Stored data
-- Opening Marker --

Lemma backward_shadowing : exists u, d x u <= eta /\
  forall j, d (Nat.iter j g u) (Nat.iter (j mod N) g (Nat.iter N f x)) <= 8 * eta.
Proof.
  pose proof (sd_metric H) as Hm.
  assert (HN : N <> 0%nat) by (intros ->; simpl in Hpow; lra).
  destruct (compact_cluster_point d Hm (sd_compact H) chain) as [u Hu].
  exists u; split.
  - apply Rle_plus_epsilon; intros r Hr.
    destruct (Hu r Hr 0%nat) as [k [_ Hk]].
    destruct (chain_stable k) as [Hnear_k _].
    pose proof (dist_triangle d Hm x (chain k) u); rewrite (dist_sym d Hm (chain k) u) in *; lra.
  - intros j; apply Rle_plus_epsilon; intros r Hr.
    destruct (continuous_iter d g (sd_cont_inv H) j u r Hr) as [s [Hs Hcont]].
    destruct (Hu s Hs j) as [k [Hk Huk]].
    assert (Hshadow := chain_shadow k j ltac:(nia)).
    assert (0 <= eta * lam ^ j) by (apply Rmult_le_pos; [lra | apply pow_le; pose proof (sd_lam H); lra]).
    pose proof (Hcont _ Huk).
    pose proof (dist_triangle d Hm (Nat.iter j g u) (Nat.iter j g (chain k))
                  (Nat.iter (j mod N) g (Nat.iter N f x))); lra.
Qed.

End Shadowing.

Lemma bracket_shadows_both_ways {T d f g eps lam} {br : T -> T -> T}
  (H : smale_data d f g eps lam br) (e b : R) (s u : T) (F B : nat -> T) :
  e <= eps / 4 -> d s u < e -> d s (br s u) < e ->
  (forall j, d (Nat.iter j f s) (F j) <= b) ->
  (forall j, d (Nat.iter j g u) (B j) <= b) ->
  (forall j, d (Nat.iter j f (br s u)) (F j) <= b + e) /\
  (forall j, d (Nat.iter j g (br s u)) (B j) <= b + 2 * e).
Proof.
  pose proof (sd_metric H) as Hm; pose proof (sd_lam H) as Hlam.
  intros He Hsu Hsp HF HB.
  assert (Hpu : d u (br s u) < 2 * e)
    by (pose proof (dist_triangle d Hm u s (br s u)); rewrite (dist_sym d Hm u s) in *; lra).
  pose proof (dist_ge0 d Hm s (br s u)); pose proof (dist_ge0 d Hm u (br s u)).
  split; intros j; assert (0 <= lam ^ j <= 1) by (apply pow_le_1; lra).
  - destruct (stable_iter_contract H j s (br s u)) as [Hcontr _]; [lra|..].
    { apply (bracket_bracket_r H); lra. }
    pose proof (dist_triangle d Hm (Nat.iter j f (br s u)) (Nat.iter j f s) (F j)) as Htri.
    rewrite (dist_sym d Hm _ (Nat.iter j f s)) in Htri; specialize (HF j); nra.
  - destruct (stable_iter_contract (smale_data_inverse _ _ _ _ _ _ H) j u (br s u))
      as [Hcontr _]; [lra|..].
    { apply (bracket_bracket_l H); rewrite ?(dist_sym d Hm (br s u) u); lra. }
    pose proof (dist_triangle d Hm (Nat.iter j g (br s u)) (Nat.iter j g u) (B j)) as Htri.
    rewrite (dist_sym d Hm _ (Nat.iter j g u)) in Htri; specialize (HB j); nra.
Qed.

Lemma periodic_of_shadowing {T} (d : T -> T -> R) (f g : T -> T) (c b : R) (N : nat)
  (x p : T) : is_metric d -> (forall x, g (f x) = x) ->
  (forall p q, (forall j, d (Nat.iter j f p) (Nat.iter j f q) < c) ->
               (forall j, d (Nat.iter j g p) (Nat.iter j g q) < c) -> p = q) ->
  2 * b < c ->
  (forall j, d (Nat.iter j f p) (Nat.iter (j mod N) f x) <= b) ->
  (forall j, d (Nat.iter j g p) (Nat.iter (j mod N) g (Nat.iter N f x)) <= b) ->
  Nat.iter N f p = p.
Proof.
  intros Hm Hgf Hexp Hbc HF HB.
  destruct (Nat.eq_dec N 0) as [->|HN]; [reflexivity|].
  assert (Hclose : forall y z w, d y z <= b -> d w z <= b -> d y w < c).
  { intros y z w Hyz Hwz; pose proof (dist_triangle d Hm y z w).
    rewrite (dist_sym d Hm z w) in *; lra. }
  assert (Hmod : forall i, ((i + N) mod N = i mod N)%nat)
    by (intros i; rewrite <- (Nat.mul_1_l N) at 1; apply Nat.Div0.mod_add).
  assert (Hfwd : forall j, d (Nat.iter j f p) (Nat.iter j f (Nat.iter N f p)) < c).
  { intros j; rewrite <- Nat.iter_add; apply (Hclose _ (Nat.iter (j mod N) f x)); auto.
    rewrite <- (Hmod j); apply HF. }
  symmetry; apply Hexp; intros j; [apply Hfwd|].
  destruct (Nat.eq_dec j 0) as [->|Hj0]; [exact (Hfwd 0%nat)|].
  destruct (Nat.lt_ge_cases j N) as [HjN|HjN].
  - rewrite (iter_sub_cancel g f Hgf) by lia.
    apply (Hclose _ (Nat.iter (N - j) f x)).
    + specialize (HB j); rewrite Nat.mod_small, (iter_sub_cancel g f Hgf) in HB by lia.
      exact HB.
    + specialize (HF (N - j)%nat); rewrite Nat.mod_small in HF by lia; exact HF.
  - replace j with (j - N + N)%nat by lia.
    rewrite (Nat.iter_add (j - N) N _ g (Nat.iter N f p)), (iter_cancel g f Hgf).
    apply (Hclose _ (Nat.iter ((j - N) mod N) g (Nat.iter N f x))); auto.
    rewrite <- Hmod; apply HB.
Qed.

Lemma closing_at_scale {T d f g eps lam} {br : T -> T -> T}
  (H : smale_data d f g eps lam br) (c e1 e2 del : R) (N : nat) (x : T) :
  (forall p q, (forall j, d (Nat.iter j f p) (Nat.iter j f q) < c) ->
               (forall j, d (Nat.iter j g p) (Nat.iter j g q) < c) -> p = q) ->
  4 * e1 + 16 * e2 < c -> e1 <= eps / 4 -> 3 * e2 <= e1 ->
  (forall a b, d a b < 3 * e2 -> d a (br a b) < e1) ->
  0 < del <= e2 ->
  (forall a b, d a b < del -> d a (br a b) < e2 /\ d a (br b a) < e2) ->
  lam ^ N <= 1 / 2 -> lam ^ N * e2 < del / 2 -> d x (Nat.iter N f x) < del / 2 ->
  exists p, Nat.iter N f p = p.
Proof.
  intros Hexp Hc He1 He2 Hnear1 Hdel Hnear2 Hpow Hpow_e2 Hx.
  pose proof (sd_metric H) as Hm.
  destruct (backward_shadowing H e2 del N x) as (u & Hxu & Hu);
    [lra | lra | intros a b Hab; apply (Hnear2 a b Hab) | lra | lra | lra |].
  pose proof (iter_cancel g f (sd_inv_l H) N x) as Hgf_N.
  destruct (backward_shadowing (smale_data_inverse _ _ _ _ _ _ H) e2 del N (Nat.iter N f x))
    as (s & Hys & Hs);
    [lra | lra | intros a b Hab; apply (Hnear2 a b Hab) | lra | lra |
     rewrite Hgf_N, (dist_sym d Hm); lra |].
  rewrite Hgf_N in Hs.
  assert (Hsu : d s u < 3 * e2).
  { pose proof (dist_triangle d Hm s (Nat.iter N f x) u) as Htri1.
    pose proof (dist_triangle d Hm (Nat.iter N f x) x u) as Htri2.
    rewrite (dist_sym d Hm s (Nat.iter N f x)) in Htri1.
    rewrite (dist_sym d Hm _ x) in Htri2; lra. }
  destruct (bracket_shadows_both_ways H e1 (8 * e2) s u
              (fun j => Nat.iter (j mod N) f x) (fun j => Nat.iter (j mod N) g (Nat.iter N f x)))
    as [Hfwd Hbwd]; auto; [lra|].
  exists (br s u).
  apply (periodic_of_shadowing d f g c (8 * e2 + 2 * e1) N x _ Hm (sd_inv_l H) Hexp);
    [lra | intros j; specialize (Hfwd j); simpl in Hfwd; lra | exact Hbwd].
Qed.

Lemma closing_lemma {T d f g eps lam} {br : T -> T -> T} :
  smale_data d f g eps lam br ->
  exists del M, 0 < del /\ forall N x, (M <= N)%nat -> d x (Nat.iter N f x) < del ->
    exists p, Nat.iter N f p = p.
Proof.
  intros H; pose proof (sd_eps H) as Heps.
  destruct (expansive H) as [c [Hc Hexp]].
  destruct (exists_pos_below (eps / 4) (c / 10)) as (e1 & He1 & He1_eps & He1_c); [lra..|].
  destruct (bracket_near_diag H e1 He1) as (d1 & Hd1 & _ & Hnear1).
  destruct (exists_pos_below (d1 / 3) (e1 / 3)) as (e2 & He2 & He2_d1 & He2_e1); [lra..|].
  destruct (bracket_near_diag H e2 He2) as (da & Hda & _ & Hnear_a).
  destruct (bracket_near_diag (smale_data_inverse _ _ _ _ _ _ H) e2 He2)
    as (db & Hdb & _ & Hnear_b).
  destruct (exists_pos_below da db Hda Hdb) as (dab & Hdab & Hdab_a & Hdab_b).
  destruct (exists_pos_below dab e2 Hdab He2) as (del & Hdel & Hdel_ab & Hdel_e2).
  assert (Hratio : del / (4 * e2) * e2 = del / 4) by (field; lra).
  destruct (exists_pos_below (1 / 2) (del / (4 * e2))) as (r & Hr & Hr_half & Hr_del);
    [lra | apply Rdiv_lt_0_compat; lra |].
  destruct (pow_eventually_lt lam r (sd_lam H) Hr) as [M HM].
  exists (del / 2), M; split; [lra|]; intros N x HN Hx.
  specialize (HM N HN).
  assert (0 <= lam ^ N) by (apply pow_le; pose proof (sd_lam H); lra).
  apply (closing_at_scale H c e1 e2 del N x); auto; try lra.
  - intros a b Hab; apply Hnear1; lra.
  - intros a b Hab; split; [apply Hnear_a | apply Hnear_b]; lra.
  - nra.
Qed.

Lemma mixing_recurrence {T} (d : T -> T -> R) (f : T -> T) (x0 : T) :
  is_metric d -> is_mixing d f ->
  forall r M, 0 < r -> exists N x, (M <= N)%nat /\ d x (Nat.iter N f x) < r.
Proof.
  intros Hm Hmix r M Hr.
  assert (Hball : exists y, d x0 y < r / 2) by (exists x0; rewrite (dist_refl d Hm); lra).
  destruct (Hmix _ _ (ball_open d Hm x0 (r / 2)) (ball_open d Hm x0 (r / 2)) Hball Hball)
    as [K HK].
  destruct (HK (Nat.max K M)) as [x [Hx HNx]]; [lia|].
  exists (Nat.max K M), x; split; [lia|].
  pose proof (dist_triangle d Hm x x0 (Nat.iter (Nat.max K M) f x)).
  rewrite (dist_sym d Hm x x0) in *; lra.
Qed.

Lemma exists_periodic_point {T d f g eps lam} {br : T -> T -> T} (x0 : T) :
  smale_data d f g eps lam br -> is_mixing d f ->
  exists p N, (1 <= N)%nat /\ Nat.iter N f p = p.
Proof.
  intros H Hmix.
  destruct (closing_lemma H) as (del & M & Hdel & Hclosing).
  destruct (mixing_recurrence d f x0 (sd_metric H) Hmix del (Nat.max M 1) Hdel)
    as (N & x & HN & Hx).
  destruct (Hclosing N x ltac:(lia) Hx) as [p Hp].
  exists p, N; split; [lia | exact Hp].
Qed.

-- Closing Marker --

Transcribe the lines above between the line holding "(x p : T) : is_metric" and the line holding "(forall j, d (Nat.iter j f p) (Nat.iter (j", inclusive, exactly as they stand and with nothing added.

  (x p : T) : is_metric d -> (forall x, g (f x) = x) ->
  (forall p q, (forall j, d (Nat.iter j f p) (Nat.iter j f q) < c) ->
               (forall j, d (Nat.iter j g p) (Nat.iter j g q) < c) -> p = q) ->
  2 * b < c ->
  (forall j, d (Nat.iter j f p) (Nat.iter (j mod N) f x) <= b) ->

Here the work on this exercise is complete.